The sad fact is that millions of people feel like outsiders every day, usually for reasons having little to do with religion. The burden of hearing religious believers talk about God at public events ranks too low on the scale of oppression to warrant a constitutional remedy. The Court’s long-standing ban on state sponsorship of supposedly "voluntary" classroom prayer makes sense because impressionable schoolchildren inevitably feel strong pressure to participate. But there is far less pressure in the context of graduation ceremonies and football games. And even in classrooms, the tiny minority of children who find "under God" offensive can, if they wish, easily, and undetectably, skip those words when reciting the Pledge. Or they can skip the whole thing.

Such vague government references to God have "no tendency to establish a religion in this country or to suppress anyone’s exercise, or non-exercise, of religion," Judge Ferdinand F. Fernandez wrote in dissent from the Pledge decision, "except in the fevered eye of persons who most fervently would like to drive all tincture of religion out of the public life of our polity."

The decision barring supper prayers at VMI extended the Supreme Court’s ban on prayer in public elementary and secondary schools for the first time to state colleges.
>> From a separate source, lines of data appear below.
(* Let $\mathcal{M}$ be a model category and $X,Y$ objects of $\mathcal{M}$. The inclusion of the full subcategory $(\mathrm{WCofib})^{-1}\mathcal{M}(\mathrm{WFib})^{-1}(X,Y)$ into $\mathcal{M}(X,Y)_{\mathrm{Hom}}$ is a homotopy equivalence of categories.
   Context: $\mathcal{M}(X,Y)_{\mathrm{Hom}}$ is the category whose objects are zig-zags $X \xleftarrow{\sim} U \to V \xleftarrow{\sim} Y$ in $\mathcal{M}$ (arrows marked $\sim$ are weak equivalences), a morphism $[X\leftarrow U\to V\leftarrow Y]\to[X\leftarrow U'\to V'\leftarrow Y]$ being a pair of weak equivalences $U\to U'$, $V\to V'$ making the evident diagram (identities on $X$, $Y$) commute. $(\mathrm{WCofib})^{-1}\mathcal{M}(\mathrm{WFib})^{-1}(X,Y)$ is the full subcategory on those zig-zags in which $U\to X$ is a trivial fibration and $Y\to V$ is a trivial cofibration. A functor $F\colon\mathcal{C}\to\mathcal{D}$ is a homotopy equivalence if there is a functor $G\colon\mathcal{D}\to\mathcal{C}$ together with zig-zags of natural transformations connecting $F\circ G$ with $\mathrm{id}_{\mathcal{D}}$ and $G\circ F$ with $\mathrm{id}_{\mathcal{C}}$. *)

From Stdlib Require Import ProofIrrelevance.

Set Implicit Arguments.
Unset Strict Implicit.
(* Presentation of the type-D Iwahori-Hecke algebra H(D_m) (m >= 1):
   X 0 plays the role of T_0T_1T_0, X i (1 <= i < m) of T_i. *)
Definition repD (q : K) (m : nat) d (X : nat -> 'M[K]_d) : Prop :=
  [/\ forall i, (i < m)%N -> (X i + 1%:M) *m (X i - q%:M) = 0,
      forall i, (1 <= i)%N -> (i.+1 < m)%N ->
        X i *m X i.+1 *m X i = X i.+1 *m X i *m X i.+1,
      forall i j, (1 <= i)%N -> (j < m)%N -> (i.+1 < j)%N ->
        X i *m X j = X j *m X i,
      (1 < m)%N -> X 0 *m X 1 = X 1 *m X 0 &
      (2 < m)%N -> X 0 *m X 2 *m X 0 = X 2 *m X 0 *m X 2] /\
  (forall j, (3 <= j < m)%N -> X 0 *m X j = X j *m X 0).

Definition split_HD (q : K) (m : nat) : Prop :=
  forall d (X : nat -> 'M[K]_d), repD q m X ->
    simple_sub [seq X i | i <- iota 0 m] 1%:M ->
    forall A : 'M[K]_d, (forall i, (i < m)%N -> A *m X i = X i *m A) ->
      exists c : K, A = c%:M.

End Defs.

(* Conjugation by T_0 permutes the generators of H(D_n), so U T_0 is an H(D_n)-submodule
   along with U.  For a simple H(D_n)-submodule U, U T_0 meets U trivially: otherwise
   U T_0 = U, and U would be a proper H(B_n)-submodule.  Suppose X is a unit with
   U X <= U T_0 which commutes on U with H(D_{n-1}), for every simple U.  Then X followed
   by the projection onto D_- along D_+ is an injective H(D_{n-1})-homomorphism
   D_+ -> D_-, and symmetrically D_- -> D_+.  Injective homomorphisms carry simple
   submodules to simple submodules, hence socles into socles, and comparing ranks makes
   the restriction to the socle an isomorphism.  For n >= 3 take X = L_{n-1}, since
   T_0 L_{n-1} lies in H(D_n) and L_{n-1} centralises H(B_{n-1}).  For n = 2 the
   hypothesis forces q = -1; then T_1 and T_0 T_1 T_0 act by -1 on every simple
   H(D_2)-module, and X = T_0 works. *)

From Pilot Require Import Defs.
From mathcomp Require Import all_boot all_order all_algebra zify.
Import GRing.Theory.
Local Open Scope ring_scope.

Section Modules.
Local Set Implicit Arguments. Local Unset Strict Implicit.
Variables (K : fieldType) (d : nat).
Implicit Types (gens gensN gensS : seq 'M[K]_d) (U V W X D F P A g : 'M[K]_d).

Lemma invariant_submx gens U W g :
  Defs.invariant gens U -> g \in gens -> (W <= U)%MS -> (W *m g <= U)%MS.
Proof. by move=> /allP HU /HU gU WU; apply: submx_trans (submxMr g WU) gU. Qed.

Lemma invariant_cap gens U V :
  Defs.invariant gens U -> Defs.invariant gens V -> Defs.invariant gens (U :&: V)%MS.
Proof.
move=> HU HV; apply/allP=> g Hg; rewrite sub_capmx.
by rewrite (invariant_submx HU Hg (capmxSl _ _)) (invariant_submx HV Hg (capmxSr _ _)).
Qed.

Lemma invariant_conj gens P U :
  P *m P = 1%:M -> (forall g, g \in gens -> P *m g *m P \in gens) ->
  Defs.invariant gens U -> Defs.invariant gens (U *m P).
Proof.
move=> PP HP HU; apply/allP=> g Hg.
have -> : U *m P *m g = U *m (P *m g *m P) *m P.
  by rewrite !mulmxA -(mulmxA _ P P) PP mulmx1.
exact/submxMr/(invariant_submx HU (HP g Hg) (submx_refl U)).
Qed.

Lemma intertwine_submx gens U W F :
  (forall g, g \in gens -> U *m g *m F = U *m F *m g) -> (W <= U)%MS ->
  forall g, g \in gens -> W *m g *m F = W *m F *m g.
Proof. by move=> HF /submxP [A ->] g Hg; rewrite -!mulmxA !(mulmxA U) HF. Qed.

Lemma mxrank_mul_cap_kermx0 U W F :
  (U :&: kermx F)%MS = 0 -> (W <= U)%MS -> \rank (W *m F) = \rank W.
Proof.
move=> UF0 WU; have := mxrank_mul_ker W F.
have /submx0null -> : (W :&: kermx F <= (0 : 'M[K]_d))%MS by rewrite -UF0 capmxS.
by rewrite mxrank0 addn0.
Qed.

Lemma simple_sub_mulmx gens D F X :
  (forall g, g \in gens -> D *m g *m F = D *m F *m g) ->
  (D :&: kermx F)%MS = 0 ->
  simple_sub gens X -> (X <= D)%MS -> simple_sub gens (X *m F).
Proof.
move=> HF DF0 [HX Xpos Xmin] XD; have HXF := intertwine_submx HF XD.
split; first by apply/allP=> g Hg; rewrite -HXF //; apply/submxMr/(allP HX).
  by rewrite (mxrank_mul_cap_kermx0 DF0 XD).
move=> Y HY YXF.
pose Y' := (X :&: kermx (F *m cokermx Y))%MS.
have Y'X : (Y' <= X)%MS := capmxSl _ _.
have preimY : forall Z : 'M[K]_d, (Z <= X)%MS -> (Z <= Y')%MS = (Z *m F <= Y)%MS.
  by move=> Z ZX; rewrite sub_capmx ZX sub_kermx submxE mulmxA.
have HY' : Defs.invariant gens Y'.
  apply/allP=> g Hg; have Y'gX := invariant_submx HX Hg Y'X.
  rewrite preimY // (intertwine_submx HXF Y'X) //.
  by apply: invariant_submx HY Hg _; rewrite -preimY.
case: (Xmin Y' HY' Y'X) => [/eqmx0P Y'0|XY']; last by right; rewrite -preimY.
left; apply/eqmx0P; case/submxP: YXF => A EY.
have : (A *m X <= Y')%MS by rewrite preimY ?submxMl // EY -mulmxA submx_refl.
by rewrite Y'0 submx0 EY mulmxA => /eqP ->; rewrite mul0mx.
Qed.
(* Let $G$ be the group of affine transformations $T_{a,b}:x\mapsto ax+b$ of $\mathbb{Z}/8\mathbb{Z}$ ($a\in(\mathbb{Z}/8\mathbb{Z})^\times$, $b\in\mathbb{Z}/8\mathbb{Z}$), let $U_1=\langle T_{a,0}:a\in(\mathbb{Z}/8\mathbb{Z})^\times\rangle$, $U_2=\langle T_{-1,0},T_{3,4}\rangle$, and $\Theta=U_1-U_2$ (a $G$-relation). Let $\rho$ be an irreducible $\mathbb{Q}[G]$-representation. Then $\mathcal{C}_\Theta(\rho)\equiv2\pmod{(\mathbb{Q}^\times)^2}$ if $\rho\cong I$, and $\mathcal{C}_\Theta(\rho)\equiv1\pmod{(\mathbb{Q}^\times)^2}$ otherwise.
   Context: Let $N=\langle T_{1,b}:b\in\mathbb{Z}/8\mathbb{Z}\rangle$ and $\chi$ a faithful one-dimensional complex character of $N$; $I=\mathrm{Ind}_N^G\chi$ is a $4$-dimensional irreducible representation, realisable over $\mathbb{Q}$ and independent of the choice of $\chi$, regarded as an irreducible $\mathbb{Q}[G]$-representation. A $G$-relation is a formal integer combination $\sum_jn_jV_j$ of subgroups with $\bigoplus_{n_j>0}\mathbb{Q}[G/V_j]^{n_j}\cong\bigoplus_{n_j<0}\mathbb{Q}[G/V_j]^{-n_j}$; for a $\mathbb{Q}[G]$-module $A$ with any $G$-invariant non-degenerate $\mathbb{Q}$-bilinear pairing, $\mathcal{C}_\Theta(A)=\prod_j\det(\tfrac1{\#V_j}\langle\cdot,\cdot\rangle\mid A^{V_j})^{n_j}\in\mathbb{Q}^\times/(\mathbb{Q}^\times)^2$, independent of the pairing. *)

From HB Require Import structures.
From mathcomp Require Import all_boot all_order all_algebra all_fingroup all_solvable all_field all_character.
Set Implicit Arguments. Unset Strict Implicit. Unset Printing Implicit Defensive.
Import Order.TTheory GRing.Theory Num.Theory.
Local Open Scope ring_scope.
Local Open Scope group_scope.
This was a mistake. College students are old enough to vote, to serve in military combat units, and, presumably, to listen to brief, nonsectarian official prayers without feeling coerced to participate. Nobody is required to join in VMI’s supper prayer or, for that matter, to attend VMI.

In an August 13 dissent from the 4th Circuit’s 6-6 vote to deny a rehearing of the VMI case, Judge J. Harvie Wilkinson III wrote: "When courts push too insistently at shared understandings and accommodations–reached over time and given meaning through the customs and rituals of observance–they risk inflaming the sorts of religious passion [and division] that the establishment clause was designed to prevent." Amen.